'''

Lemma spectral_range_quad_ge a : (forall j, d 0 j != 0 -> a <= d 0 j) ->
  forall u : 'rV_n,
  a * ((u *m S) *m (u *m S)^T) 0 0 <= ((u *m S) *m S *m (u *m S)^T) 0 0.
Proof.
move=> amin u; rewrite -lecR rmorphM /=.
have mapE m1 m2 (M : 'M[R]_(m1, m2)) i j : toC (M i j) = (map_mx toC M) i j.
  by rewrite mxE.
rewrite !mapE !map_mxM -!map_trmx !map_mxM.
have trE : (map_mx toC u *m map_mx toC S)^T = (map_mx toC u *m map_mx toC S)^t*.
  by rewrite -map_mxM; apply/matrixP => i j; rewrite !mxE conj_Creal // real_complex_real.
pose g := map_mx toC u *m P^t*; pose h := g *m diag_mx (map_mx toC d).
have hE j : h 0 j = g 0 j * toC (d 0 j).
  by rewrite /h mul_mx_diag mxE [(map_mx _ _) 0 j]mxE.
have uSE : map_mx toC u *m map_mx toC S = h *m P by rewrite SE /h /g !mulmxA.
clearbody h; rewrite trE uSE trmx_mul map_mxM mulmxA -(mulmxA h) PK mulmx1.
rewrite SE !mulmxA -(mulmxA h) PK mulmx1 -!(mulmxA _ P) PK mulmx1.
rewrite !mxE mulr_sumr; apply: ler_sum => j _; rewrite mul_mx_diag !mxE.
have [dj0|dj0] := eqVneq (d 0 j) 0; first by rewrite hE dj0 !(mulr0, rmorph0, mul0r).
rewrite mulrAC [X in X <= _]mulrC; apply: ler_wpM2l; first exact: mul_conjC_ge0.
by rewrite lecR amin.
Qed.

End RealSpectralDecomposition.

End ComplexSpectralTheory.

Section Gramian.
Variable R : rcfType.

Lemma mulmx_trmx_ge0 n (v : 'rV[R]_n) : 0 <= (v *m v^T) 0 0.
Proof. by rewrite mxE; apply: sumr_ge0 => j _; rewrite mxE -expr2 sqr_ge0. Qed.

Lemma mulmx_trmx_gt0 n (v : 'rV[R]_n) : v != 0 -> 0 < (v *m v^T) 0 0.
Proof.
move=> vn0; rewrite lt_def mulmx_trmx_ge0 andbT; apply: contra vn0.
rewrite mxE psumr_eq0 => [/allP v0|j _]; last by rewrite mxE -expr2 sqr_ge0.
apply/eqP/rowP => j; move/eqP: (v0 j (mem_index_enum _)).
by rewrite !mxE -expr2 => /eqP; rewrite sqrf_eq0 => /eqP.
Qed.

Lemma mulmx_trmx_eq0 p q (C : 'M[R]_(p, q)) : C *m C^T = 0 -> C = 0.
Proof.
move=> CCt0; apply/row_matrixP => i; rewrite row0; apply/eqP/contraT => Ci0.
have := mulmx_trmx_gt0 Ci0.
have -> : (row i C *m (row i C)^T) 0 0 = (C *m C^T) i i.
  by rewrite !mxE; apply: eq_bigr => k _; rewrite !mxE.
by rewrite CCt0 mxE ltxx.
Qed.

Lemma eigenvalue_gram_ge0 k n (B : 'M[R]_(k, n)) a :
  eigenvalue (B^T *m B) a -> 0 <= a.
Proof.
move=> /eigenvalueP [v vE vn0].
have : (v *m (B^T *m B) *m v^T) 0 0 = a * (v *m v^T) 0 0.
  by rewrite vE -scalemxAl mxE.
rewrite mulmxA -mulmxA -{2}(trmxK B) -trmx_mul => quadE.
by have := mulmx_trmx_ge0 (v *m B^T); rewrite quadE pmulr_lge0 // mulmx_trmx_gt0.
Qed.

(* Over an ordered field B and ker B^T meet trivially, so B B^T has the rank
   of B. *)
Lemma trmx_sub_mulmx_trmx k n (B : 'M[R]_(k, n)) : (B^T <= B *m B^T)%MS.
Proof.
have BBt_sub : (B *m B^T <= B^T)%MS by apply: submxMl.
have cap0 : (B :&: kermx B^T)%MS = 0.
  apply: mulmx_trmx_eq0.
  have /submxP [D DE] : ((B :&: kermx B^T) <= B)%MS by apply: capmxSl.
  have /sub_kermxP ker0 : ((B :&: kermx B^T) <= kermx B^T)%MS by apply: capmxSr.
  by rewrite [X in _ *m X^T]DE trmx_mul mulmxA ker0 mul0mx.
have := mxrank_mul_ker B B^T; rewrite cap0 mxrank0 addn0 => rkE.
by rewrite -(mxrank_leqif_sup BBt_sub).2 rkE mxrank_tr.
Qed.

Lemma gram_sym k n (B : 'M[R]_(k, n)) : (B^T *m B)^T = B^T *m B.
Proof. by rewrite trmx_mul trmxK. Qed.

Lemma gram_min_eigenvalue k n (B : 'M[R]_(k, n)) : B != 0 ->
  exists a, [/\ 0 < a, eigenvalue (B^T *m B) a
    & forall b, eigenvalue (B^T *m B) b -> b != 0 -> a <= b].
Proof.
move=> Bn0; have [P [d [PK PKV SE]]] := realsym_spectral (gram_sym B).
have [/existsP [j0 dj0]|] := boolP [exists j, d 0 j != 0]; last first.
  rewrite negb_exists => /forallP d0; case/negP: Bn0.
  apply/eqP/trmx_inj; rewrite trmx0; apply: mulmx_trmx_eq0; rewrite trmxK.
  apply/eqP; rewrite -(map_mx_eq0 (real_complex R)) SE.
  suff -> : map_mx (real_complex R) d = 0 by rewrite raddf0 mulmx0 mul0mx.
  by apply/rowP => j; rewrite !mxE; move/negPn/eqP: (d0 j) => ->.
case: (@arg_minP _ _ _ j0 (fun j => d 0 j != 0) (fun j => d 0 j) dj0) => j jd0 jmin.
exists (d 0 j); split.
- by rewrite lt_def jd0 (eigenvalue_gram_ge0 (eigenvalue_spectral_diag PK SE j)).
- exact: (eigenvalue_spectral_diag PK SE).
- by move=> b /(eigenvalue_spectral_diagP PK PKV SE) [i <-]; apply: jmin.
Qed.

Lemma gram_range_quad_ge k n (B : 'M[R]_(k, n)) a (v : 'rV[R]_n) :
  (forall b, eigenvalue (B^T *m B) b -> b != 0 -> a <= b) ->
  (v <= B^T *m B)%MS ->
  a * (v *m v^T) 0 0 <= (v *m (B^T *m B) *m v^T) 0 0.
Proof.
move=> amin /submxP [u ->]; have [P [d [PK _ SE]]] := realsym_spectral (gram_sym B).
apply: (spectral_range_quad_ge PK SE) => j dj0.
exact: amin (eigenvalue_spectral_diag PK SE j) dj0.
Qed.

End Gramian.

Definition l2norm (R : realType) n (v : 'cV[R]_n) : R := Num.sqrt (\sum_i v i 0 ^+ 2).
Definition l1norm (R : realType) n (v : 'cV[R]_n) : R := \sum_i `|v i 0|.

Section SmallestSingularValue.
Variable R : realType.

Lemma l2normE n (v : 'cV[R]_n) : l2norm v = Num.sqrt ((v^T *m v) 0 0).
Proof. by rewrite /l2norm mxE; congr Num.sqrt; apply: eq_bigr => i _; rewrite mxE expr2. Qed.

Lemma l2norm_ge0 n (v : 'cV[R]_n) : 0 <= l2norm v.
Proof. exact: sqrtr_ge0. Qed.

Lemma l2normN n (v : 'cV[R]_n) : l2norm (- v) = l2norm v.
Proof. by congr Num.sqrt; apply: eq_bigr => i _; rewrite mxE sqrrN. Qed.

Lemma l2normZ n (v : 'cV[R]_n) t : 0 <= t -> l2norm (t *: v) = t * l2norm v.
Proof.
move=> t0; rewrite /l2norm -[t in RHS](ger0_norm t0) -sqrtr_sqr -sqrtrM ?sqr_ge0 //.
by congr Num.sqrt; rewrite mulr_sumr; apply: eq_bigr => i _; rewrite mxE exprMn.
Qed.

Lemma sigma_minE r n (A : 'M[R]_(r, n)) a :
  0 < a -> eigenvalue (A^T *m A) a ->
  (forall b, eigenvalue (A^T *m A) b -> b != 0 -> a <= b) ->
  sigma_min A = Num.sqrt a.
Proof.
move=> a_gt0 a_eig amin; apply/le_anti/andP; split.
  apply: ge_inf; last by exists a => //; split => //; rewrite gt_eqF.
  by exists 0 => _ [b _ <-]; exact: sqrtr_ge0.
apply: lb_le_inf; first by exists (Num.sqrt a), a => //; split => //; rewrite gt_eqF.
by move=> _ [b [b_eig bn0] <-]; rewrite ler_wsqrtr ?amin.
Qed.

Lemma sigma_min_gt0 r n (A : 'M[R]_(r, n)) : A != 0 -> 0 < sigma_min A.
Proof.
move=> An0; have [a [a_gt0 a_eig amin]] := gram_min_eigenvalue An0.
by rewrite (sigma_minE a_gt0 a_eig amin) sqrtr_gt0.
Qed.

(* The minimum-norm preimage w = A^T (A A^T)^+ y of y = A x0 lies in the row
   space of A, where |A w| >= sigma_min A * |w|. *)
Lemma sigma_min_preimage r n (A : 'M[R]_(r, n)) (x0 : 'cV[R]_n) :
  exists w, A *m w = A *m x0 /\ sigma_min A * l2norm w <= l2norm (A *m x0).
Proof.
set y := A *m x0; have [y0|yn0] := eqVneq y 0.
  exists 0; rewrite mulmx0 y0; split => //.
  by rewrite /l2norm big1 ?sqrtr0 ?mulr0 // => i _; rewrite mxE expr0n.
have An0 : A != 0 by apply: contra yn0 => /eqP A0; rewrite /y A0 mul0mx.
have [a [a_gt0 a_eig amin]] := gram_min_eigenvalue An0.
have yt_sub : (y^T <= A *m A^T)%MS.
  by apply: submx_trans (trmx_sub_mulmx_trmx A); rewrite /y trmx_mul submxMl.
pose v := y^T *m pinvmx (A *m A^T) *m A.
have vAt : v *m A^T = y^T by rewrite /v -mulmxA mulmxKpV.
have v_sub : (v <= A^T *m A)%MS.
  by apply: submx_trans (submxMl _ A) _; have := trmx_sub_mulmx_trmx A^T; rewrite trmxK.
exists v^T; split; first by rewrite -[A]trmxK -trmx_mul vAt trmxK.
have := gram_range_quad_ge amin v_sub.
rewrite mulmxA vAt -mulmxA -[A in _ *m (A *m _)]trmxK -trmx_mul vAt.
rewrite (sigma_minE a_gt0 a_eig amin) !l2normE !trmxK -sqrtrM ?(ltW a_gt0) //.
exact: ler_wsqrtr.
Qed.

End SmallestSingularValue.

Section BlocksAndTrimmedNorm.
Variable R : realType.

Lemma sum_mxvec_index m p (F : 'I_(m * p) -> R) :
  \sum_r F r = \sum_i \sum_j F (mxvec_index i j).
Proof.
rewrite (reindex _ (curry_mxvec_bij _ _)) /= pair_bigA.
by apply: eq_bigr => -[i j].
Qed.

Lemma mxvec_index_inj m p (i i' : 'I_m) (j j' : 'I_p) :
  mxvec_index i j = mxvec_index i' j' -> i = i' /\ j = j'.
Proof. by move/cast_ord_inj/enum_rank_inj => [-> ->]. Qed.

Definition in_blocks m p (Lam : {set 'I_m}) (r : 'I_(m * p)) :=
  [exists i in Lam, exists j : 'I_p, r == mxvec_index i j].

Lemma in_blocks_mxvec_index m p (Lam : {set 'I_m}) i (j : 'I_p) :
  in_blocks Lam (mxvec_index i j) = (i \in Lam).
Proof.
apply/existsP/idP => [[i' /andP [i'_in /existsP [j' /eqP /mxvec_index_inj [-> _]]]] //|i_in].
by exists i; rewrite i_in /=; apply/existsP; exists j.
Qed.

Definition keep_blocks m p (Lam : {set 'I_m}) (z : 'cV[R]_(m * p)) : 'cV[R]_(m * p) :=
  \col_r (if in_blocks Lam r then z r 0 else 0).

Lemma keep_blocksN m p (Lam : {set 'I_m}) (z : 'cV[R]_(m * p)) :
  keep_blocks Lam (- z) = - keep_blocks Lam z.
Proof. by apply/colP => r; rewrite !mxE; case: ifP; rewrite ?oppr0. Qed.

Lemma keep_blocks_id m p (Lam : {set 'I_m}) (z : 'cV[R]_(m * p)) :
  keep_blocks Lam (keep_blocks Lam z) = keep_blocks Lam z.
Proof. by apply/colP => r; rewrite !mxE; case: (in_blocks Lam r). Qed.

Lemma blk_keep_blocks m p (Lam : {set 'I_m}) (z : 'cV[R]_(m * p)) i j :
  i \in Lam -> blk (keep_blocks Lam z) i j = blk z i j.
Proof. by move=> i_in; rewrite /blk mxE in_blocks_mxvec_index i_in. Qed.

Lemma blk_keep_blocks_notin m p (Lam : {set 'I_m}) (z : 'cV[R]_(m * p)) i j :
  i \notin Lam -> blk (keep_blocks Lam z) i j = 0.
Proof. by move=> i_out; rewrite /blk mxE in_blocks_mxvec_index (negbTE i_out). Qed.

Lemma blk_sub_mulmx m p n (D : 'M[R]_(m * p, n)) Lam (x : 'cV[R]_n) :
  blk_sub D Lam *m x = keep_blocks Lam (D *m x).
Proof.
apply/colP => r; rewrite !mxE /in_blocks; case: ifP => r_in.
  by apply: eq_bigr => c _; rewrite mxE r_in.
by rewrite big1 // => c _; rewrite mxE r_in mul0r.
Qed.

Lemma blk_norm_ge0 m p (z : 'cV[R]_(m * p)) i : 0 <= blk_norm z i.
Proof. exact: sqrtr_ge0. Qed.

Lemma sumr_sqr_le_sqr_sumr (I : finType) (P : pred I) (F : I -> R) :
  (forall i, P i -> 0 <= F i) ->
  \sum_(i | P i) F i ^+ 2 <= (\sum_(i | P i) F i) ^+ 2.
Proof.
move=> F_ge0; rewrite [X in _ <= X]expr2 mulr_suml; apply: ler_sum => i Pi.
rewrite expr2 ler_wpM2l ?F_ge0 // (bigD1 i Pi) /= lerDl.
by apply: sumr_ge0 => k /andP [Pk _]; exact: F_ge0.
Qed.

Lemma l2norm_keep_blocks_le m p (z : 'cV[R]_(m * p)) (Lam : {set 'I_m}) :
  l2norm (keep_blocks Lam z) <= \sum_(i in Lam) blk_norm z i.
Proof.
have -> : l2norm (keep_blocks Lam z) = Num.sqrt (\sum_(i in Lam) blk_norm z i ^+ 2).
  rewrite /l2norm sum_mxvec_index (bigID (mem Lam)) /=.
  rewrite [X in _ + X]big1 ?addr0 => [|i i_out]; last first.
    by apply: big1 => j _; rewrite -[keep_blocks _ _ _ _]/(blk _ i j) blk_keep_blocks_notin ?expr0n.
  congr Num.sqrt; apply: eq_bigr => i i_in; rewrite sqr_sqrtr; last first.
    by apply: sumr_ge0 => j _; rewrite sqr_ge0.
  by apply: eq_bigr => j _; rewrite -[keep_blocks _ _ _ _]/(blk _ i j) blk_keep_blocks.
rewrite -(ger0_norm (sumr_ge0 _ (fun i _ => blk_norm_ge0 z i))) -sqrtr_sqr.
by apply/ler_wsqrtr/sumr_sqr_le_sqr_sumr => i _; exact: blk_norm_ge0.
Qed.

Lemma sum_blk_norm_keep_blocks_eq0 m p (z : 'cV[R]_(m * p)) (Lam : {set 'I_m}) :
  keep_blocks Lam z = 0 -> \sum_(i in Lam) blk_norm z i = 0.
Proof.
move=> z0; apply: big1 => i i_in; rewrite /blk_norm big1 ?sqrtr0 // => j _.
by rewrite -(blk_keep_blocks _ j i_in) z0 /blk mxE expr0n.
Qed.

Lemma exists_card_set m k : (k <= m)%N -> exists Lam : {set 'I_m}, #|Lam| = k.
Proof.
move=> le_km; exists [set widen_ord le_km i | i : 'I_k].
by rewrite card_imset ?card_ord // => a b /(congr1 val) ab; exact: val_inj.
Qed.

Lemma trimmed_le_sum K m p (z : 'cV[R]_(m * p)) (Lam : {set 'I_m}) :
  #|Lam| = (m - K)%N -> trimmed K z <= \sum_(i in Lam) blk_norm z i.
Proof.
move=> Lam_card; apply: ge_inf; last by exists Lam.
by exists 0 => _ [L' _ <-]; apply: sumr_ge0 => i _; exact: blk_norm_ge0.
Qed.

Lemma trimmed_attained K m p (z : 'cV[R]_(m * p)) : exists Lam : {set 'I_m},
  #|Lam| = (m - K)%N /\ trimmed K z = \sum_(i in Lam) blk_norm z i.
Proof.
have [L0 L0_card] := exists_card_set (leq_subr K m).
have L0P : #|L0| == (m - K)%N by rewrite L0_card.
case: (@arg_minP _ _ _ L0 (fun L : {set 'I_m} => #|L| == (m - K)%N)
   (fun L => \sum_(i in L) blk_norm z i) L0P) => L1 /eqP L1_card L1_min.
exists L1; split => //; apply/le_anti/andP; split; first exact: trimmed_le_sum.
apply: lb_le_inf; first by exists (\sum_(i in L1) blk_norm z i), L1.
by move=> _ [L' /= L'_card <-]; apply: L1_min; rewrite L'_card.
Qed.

'''

— PROBLEM —
The lines to retype run from the start of the entries through the line containing "rewrite !mapE !map_mxM -!map_trmx !map_mxM."; reproduce them exactly and add nothing.

— TASK RESPONSE —
Lemma spectral_range_quad_ge a : (forall j, d 0 j != 0 -> a <= d 0 j) ->
  forall u : 'rV_n,
  a * ((u *m S) *m (u *m S)^T) 0 0 <= ((u *m S) *m S *m (u *m S)^T) 0 0.
Proof.
move=> amin u; rewrite -lecR rmorphM /=.
have mapE m1 m2 (M : 'M[R]_(m1, m2)) i j : toC (M i j) = (map_mx toC M) i j.
  by rewrite mxE.
rewrite !mapE !map_mxM -!map_trmx !map_mxM.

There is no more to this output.